# BRIEF:
Scan the records for "implyP" and copy each line that contains it.
━━ EXERCISE DATA
(* Let $S$ and $S'$ be two TBLS searches with strict partial orders $\prec_S$ and $\prec_{S'}$ on $P_f(\mathbb{N}^+)$. Then the following are equivalent: (i) for every finite graph $G$, every $S'$-ordering of $G$ is also an $S$-ordering of $G$; (ii) for all $A,B\in P_f(\mathbb{N}^+)$, $A\prec_S B$ implies $A\prec_{S'} B$.
   Context: Let $G=(V,E)$ be a finite undirected graph with $n$ vertices; $N(v)$ denotes the set of neighbours of $v$. An ordering of $V$ is a bijection $\sigma:\{1,\dots,n\}\to V$; $\sigma(i)$ is the $i$th vertex. $P_f(\mathbb{N}^+)$ is the set of finite subsets of the positive integers. Given a strict partial order $\prec$ on $P_f(\mathbb{N}^+)$ and an ordering $\tau$ of $V$, the Tie-Breaking Label Search $\mathrm{TBLS}(G,\prec,\tau)$ is the procedure: set $label(v)=\emptyset$ for every $v$; for $i=1,\dots,n$: let Eligible be the set of unnumbered vertices $x$ such that there is no unnumbered vertex $y$ with $label(x)\prec label(y)$; let $v$ be the first vertex of Eligible in the ordering $\tau$; set $\sigma(i)=v$ ($v$ becomes numbered); for every unnumbered neighbour $w$ of $v$ replace $label(w)$ by $label(w)\cup\{i\}$. The output is $\sigma$. A TBLS search $S$ is specified by a strict partial order $\prec_S$ on $P_f(\mathbb{N}^+)$; an ordering $\sigma$ of $V$ is an $S$-ordering of $G$ if $\sigma=\mathrm{TBLS}(G,\prec_S,\tau)$ for some ordering $\tau$ of $V$. *)

From HB Require Import structures.
From mathcomp Require Import all_boot finmap.
Set Implicit Arguments. Unset Strict Implicit. Unset Printing Implicit Defensive.
Open Scope fset_scope.

Definition pfset := {A : {fset nat} | 0%N \notin A}.

Definition strict_po (prec : rel pfset) : Prop :=
  irreflexive prec /\ transitive prec.

Definition simple_graph (T : finType) (e : rel T) : Prop :=
  symmetric e /\ irreflexive e.

Definition is_ordering (T : finType) (s : seq T) : bool :=
  uniq s && (size s == #|T|).

(* label of x when the vertices of s (s = sigma(1..k)) are numbered:
   { i in 1..k | sigma(i) is a neighbour of x } *)
Definition lab_raw (T : finType) (e : rel T) (s : seq T) (x : T) : {fset nat} :=
  [fset i.+1 | i in [seq i <- iota 0 (size s) | e (nth x s i) x]].

Lemma lab_raw_pos (T : finType) (e : rel T) (s : seq T) (x : T) :
  0%N \notin lab_raw e s x.
Proof. by apply/imfsetP => -[i _]. Qed.

Definition lab (T : finType) (e : rel T) (s : seq T) (x : T) : pfset :=
  exist _ (lab_raw e s x) (lab_raw_pos e s x).

Definition eligible (T : finType) (prec : rel pfset) (e : rel T) (s : seq T) (x : T) : bool :=
  (x \notin s) && [forall y, (y \notin s) ==> ~~ prec (lab e s x) (lab e s y)].

Definition tbls_next (T : finType) (prec : rel pfset) (e : rel T) (tau s : seq T) : option T :=
  ohead [seq x <- tau | eligible prec e s x].

Fixpoint tbls_iter (T : finType) (prec : rel pfset) (e : rel T) (tau : seq T) (k : nat) (s : seq T) : seq T :=
  if k is k'.+1 then
    if tbls_next prec e tau s is Some v then tbls_iter prec e tau k' (rcons s v) else s
  else s.

Definition TBLS (T : finType) (prec : rel pfset) (e : rel T) (tau : seq T) : seq T :=
  tbls_iter prec e tau #|T| [::].

Definition S_ordering (T : finType) (prec : rel pfset) (e : rel T) (sigma : seq T) : Prop :=
  exists tau, is_ordering tau /\ sigma = TBLS prec e tau.

(* (ii) -> (i): a vertex ordering is an S-ordering exactly when each vertex is
   S-eligible at the moment it is numbered (TBLS tie-broken by the ordering
   itself then reproduces it), and S'-eligibility implies S-eligibility as soon
   as [precS] is contained in [precS'].
   (i) -> (ii): if [A] precedes [B] for S but not for S', take vertices
   0, ..., n+1 with n bounding A and B, give vertex n the earlier neighbourhood A,
   vertex n+1 the earlier neighbourhood B, and every vertex k < n the earlier
   neighbourhood B if the trace of A on {1, ..., k} is S'-below that of B, and A
   otherwise, so that vertex k is S'-eligible at step k.  Then 0, 1, ..., n+1 is an
   S'-ordering, but not an S-ordering: when vertex n is numbered its label A is
   S-below the label B of vertex n+1. *)

From mathcomp Require Import all_boot finmap.

Set Implicit Arguments.
Unset Strict Implicit.
Unset Printing Implicit Defensive.

Section TBLSOrderings.

Variables (T : finType) (prec : rel pfset) (e : rel T).

Definition eligible_steps (s : seq T) : Prop :=
  forall p v q, s = p ++ v :: q -> eligible prec e p v.

Lemma eligible_notin s x : eligible prec e s x -> x \notin s.
Proof. by case/andP. Qed.

Lemma tbls_next_eligible tau s v :
  tbls_next prec e tau s = Some v -> eligible prec e s v.
Proof.
rewrite /tbls_next => next_v.
have : v \in [seq x <- tau | eligible prec e s x].
  by case: [seq x <- tau | _] next_v => //= w l [->]; rewrite inE eqxx.
by rewrite mem_filter => /andP[].
Qed.

Lemma tbls_next_exists tau s x :
  x \in tau -> eligible prec e s x -> exists v, tbls_next prec e tau s = Some v.
Proof.
move=> x_tau x_el; rewrite /tbls_next.
have : x \in [seq y <- tau | eligible prec e s y] by rewrite mem_filter x_el.
by case: [seq y <- tau | _] => // v l _; exists v.
Qed.

Lemma tbls_next_cat p v q :
  eligible prec e p v -> tbls_next prec e (p ++ v :: q) p = Some v.
Proof.
move=> v_el; rewrite /tbls_next filter_cat /= v_el (@eq_in_filter _ _ pred0) ?filter_pred0 //.
by move=> x x_p; apply/negbTE; apply: contraL x_p; apply: eligible_notin.
Qed.

Lemma tbls_iter_eligible_steps s : eligible_steps s ->
  forall k p r, k <= size r -> s = p ++ r -> tbls_iter prec e s k p = p ++ take k r.
Proof.
move=> s_el; elim=> [|k IHk] p [|v r] //= k_le s_eq; rewrite ?take0 ?cats0 //.
rewrite s_eq tbls_next_cat -?s_eq; last exact: s_el s_eq.
by rewrite (IHk _ r) // -?cats1 -?catA.
Qed.

Lemma TBLS_eligible_steps s :
  eligible_steps s -> size s = #|T| -> TBLS prec e s = s.
Proof.
move=> s_el size_s; rewrite /TBLS (tbls_iter_eligible_steps s_el (r := s)) ?size_s //.
by rewrite take_oversize ?size_s.
Qed.

Lemma eligible_steps_TBLS tau : eligible_steps (TBLS prec e tau).
Proof.
suff iter_el k s : eligible_steps s -> eligible_steps (tbls_iter prec e tau k s).
  by apply: iter_el => p v q /(congr1 size); rewrite size_cat /= addnS.
elim: k s => [|k IHk] s s_el //=.
case next_v: tbls_next => [v|] //; apply: IHk => p w q.
case/lastP: q => [|q z]; first by rewrite cats1 => /rcons_inj[<- <-]; exact: tbls_next_eligible next_v.
by rewrite -rcons_cons -rcons_cat => /rcons_inj[/s_el].
Qed.

Lemma is_ordering_mem tau : is_ordering tau -> tau =i T.
Proof.
case/andP=> uniq_tau /eqP size_tau y.
have size_enum : size (enum T) <= size tau by rewrite -cardE size_tau.
have [_ ->] := uniq_min_size uniq_tau (fun z _ => mem_enum T z) size_enum.
by rewrite mem_enum.
Qed.

Hypothesis prec_po : strict_po prec.

(* A vertex beaten by the fewest unnumbered vertices is beaten by none, by transitivity. *)
Lemma exists_eligible s y : y \notin s -> exists x, eligible prec e s x.
Proof.
case: prec_po => prec_irr prec_tr y_s.
pose beaten x := #|[set z | (z \notin s) && prec (lab e s x) (lab e s z)]|.
case: (@arg_minnP _ y (fun x => x \notin s) beaten y_s) => x x_s x_min; exists x.
rewrite /eligible x_s; apply/forallP => z; apply/implyP => z_s; apply/negP => xz.
have := x_min z z_s; apply/negP; rewrite -ltnNge; apply: proper_card; apply/properP; split.
  by apply/subsetP => w; rewrite !inE => /andP[-> /(prec_tr _ _ _ xz)].
by exists z; rewrite !inE ?z_s ?xz ?prec_irr.
Qed.

Lemma tbls_iter_is_ordering tau k s : is_ordering tau -> uniq s ->
  (size s + k)%N = #|T| -> is_ordering (tbls_iter prec e tau k s).
Proof.
move=> tau_ord; elim: k s => [|k IHk] s uniq_s size_s /=.
  by rewrite /is_ordering uniq_s -size_s addn0 eqxx.
have [y y_s] : exists y, y \notin s.
  apply/existsP; rewrite -negb_forall; apply/negP => /forallP s_full.
  have := uniq_leq_size (enum_uniq T) (fun z _ => s_full z).
  by rewrite -cardE -size_s addnS ltnNge leq_addr.
have [x x_el] := exists_eligible y_s.
have [v next_v] := tbls_next_exists (is_ordering_mem tau_ord x) x_el.
rewrite next_v; apply: IHk; last by rewrite size_rcons addSnnS.
by rewrite rcons_uniq uniq_s eligible_notin ?(tbls_next_eligible next_v).
Qed.

Lemma S_orderingP sigma :
  S_ordering prec e sigma <-> is_ordering sigma /\ eligible_steps sigma.
Proof.
split=> [[tau [tau_ord ->]]|[sigma_ord sigma_el]].
  by split; [apply: tbls_iter_is_ordering | apply: eligible_steps_TBLS].
exists sigma; split=> //; apply/esym/TBLS_eligible_steps => //.
by case/andP: sigma_ord => _ /eqP.
Qed.

End TBLSOrderings.

Lemma eligible_subrel (T : finType) (prec prec' : rel pfset) (e : rel T) s x :
  subrel prec prec' -> eligible prec' e s x -> eligible prec e s x.
Proof.
move=> sub /andP[x_s /forallP x_max]; rewrite /eligible x_s.
apply/forallP => y; apply/implyP => y_s.
exact: contra (sub _ _) (implyP (x_max y) y_s).
Qed.

Lemma pf_trunc_subproof (X : pfset) k : 0 \notin [fset x in sval X | x <= k].
Proof. by rewrite !inE (negbTE (svalP X)). Qed.

Definition pf_trunc (X : pfset) (k : nat) : pfset :=
  exist _ [fset x in sval X | x <= k] (pf_trunc_subproof X k).

Lemma pf_trunc_id (X : pfset) k : {in sval X, forall x, x <= k} -> pf_trunc X k = X.
Proof.
move=> X_le; apply: val_inj; apply/fsetP => x /=; rewrite !inE.
by case: (boolP (x \in sval X)) => //= /X_le.
Qed.

Lemma enum_ord_cat_cons N (p : seq 'I_N) v q : enum 'I_N = p ++ v :: q ->
  map val p = iota 0 (size p) /\ val v = size p.
Proof.
move=> enum_N; have := val_enum_ord N; rewrite enum_N map_cat /=.
have lt_p : size p < N.
  have := size_enum_ord N; rewrite enum_N size_cat /= => /eq_leq; apply: leq_trans.
  by rewrite -[X in X < _]addn0 ltn_add2l.
have -> : iota 0 N = iota 0 (size p) ++ size p :: iota (size p).+1 (N - (size p).+1).
  by rewrite -[in LHS](subnKC (ltnW lt_p)) iotaD -subnSK.
by move/eqP; rewrite eqseq_cat ?size_map ?size_iota // => /andP[/eqP-> /eqP[->]].
Qed.

Lemma mem_ord_prefix N (p : seq 'I_N) y :
  map val p = iota 0 (size p) -> (y \in p) = (val y < size p).
Proof.
by move=> val_p; rewrite -(mem_map val_inj) val_p mem_iota.
Qed.

Section Gadget.

Variables (prec : rel pfset) (A B : pfset) (n : nat).

(* Vertex [k] is numbered [k.+1] by the ordering [0, 1, ..., n.+1]; its earlier
   neighbours are the [j < k] with [j.+1 \in gadget_nbhd k]. *)
Definition gadget_nbhd (k : nat) : pfset :=
  if k < n then (if prec (pf_trunc A k) (pf_trunc B k) then B else A)
  else if k == n then A else B.

Definition gadget_edge (u v : 'I_n.+2) : bool :=
  (u < v) && (u.+1 \in sval (gadget_nbhd v)) || (v < u) && (v.+1 \in sval (gadget_nbhd u)).

Lemma gadget_simple : simple_graph gadget_edge.
Proof. by split=> [u v | u]; rewrite /gadget_edge; [rewrite orbC | rewrite ltnn]. Qed.

Lemma mem_gadget_nbhd k : gadget_nbhd k \in [:: A; B].
Proof. by rewrite /gadget_nbhd !inE; case: ifP; [case: ifP | case: ifP]; rewrite eqxx ?orbT. Qed.

Lemma lab_gadget (p : seq 'I_n.+2) (x : 'I_n.+2) :
  map val p = iota 0 (size p) -> size p <= x ->
  lab gadget_edge p x = pf_trunc (gadget_nbhd x) (size p).
Proof.
move=> val_p p_le_x.
have edge_nth j : j < size p -> gadget_edge (nth x p j) x = (j.+1 \in sval (gadget_nbhd x)).
  move=> j_lt; have j_lt_x := leq_trans j_lt p_le_x.
  have val_j : val (nth x p j) = j by rewrite -(nth_map x 0) // val_p nth_iota.
  by rewrite /gadget_edge val_j j_lt_x ltnNge (ltnW j_lt_x) orbF.
apply: val_inj; apply/fsetP => i; rewrite /= /lab_raw !inE.
apply/imfsetP/andP => [[j] | [i_nb i_le]].
  by rewrite mem_filter mem_iota add0n => /andP[edge_j j_lt] ->; rewrite -edge_nth.
case: i i_nb i_le => [|j]; first by rewrite (negbTE (svalP (gadget_nbhd x))).
by exists j => //; rewrite mem_filter mem_iota edge_nth ?i_nb.
Qed.

Hypotheses (truncA : pf_trunc A n = A) (truncB : pf_trunc B n = B).

Lemma gadget_not_eligible_steps (precS : rel pfset) :
  precS A B -> ~ eligible_steps precS gadget_edge (enum 'I_n.+2).
Proof.
set s := enum 'I_n.+2 => AB steps.
have n_lt : n < size s by rewrite size_enum_ord.
have s_split : s = take n s ++ nth ord0 s n :: drop n.+1 s by rewrite -drop_nth // cat_take_drop.
have [val_p val_v] := enum_ord_cat_cons s_split.
have size_p : size (take n s) = n := size_takel (ltnW n_lt).
rewrite size_p in val_v; have /andP[_ /forallP/(_ ord_max)] := steps _ _ _ s_split.
rewrite mem_ord_prefix // size_p ltnNge leqnSn /= !lab_gadget // size_p ?val_v //=.
by rewrite /gadget_nbhd ltnn eqxx ltnNge leqnSn gtn_eqF // truncA truncB AB.
Qed.

Hypotheses (prec_po : strict_po prec) (not_prec_AB : ~~ prec A B).

Lemma gadget_nbhd_minimal k X : k <= n -> X \in [:: A; B] ->
  ~~ prec (pf_trunc (gadget_nbhd k) k) (pf_trunc X k).
Proof.
case: prec_po => irr tr; rewrite !inE leq_eqVlt => /predU1P[-> | lt_kn].
  by rewrite /gadget_nbhd ltnn eqxx truncA => /predU1P[-> | /eqP->]; rewrite ?truncA ?truncB ?irr.
rewrite /gadget_nbhd lt_kn; case: ifP => AB_k /predU1P[-> | /eqP->]; rewrite ?irr ?AB_k //.
by apply/negP => /(tr _ _ _ AB_k); rewrite irr.
Qed.

Lemma eligible_steps_gadget : eligible_steps prec gadget_edge (enum 'I_n.+2).
Proof.
move=> p v q s_split; have [val_p val_v] := enum_ord_cat_cons s_split.
rewrite /eligible mem_ord_prefix // val_v ltnn; apply/forallP => y; apply/implyP.
rewrite mem_ord_prefix // -leqNgt => p_le_y.
have [-> | neq_yv] := eqVneq y v; first by case: prec_po => irr _; rewrite irr.
have lt_vy : val v < val y by rewrite ltn_neqAle val_v p_le_y andbT -val_v val_eqE eq_sym.
rewrite !lab_gadget ?val_v // gadget_nbhd_minimal ?mem_gadget_nbhd //.
by rewrite -val_v -ltnS (leq_trans lt_vy) // -ltnS ltn_ord.
Qed.

End Gadget.

Theorem theorem1 (precS precS' : rel pfset) :
  strict_po precS -> strict_po precS' ->
  ((forall (T : finType) (e : rel T), simple_graph e ->
      forall sigma : seq T, S_ordering precS' e sigma -> S_ordering precS e sigma)
   <->
   (forall A B : pfset, precS A B -> precS' A B)).
Proof.
move=> S_po S'_po; split=> [orderings_incl A B AB | prec_incl T e _ sigma].
  apply/negPn/negP => not_AB'.
  pose n := \max_(x <- sval A `|` sval B) x.
  have trunc_n X : X \in [:: A; B] -> pf_trunc X n = X.
    rewrite !inE => X_AB; apply: pf_trunc_id => x x_X.
    by apply: leq_bigmax_seq; rewrite // inE; case/predU1P: X_AB => [<- | /eqP <-]; rewrite x_X ?orbT.
  have truncA := trunc_n A (mem_head _ _); have truncB := trunc_n B (mem_last A [:: B]).
  have sigma_S' : S_ordering precS' (@gadget_edge precS' A B n) (enum 'I_n.+2).
    apply/S_orderingP => //; split; first by rewrite /is_ordering enum_uniq size_enum_ord card_ord eqxx.
    exact: eligible_steps_gadget.
  have /S_orderingP[] // := orderings_incl _ _ (gadget_simple precS' A B n) _ sigma_S'.
  by move=> _; apply: gadget_not_eligible_steps AB.
rewrite !S_orderingP // => -[sigma_ord sigma_steps]; split=> // p v q /sigma_steps.
exact: eligible_subrel.
Qed.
━━━━
# RESPONSE TO THIS EXERCISE:
rewrite /eligible x_s; apply/forallP => z; apply/implyP => z_s; apply/negP => xz.
apply/forallP => y; apply/implyP => y_s.
exact: contra (sub _ _) (implyP (x_max y) y_s).
rewrite /eligible mem_ord_prefix // val_v ltnn; apply/forallP => y; apply/implyP.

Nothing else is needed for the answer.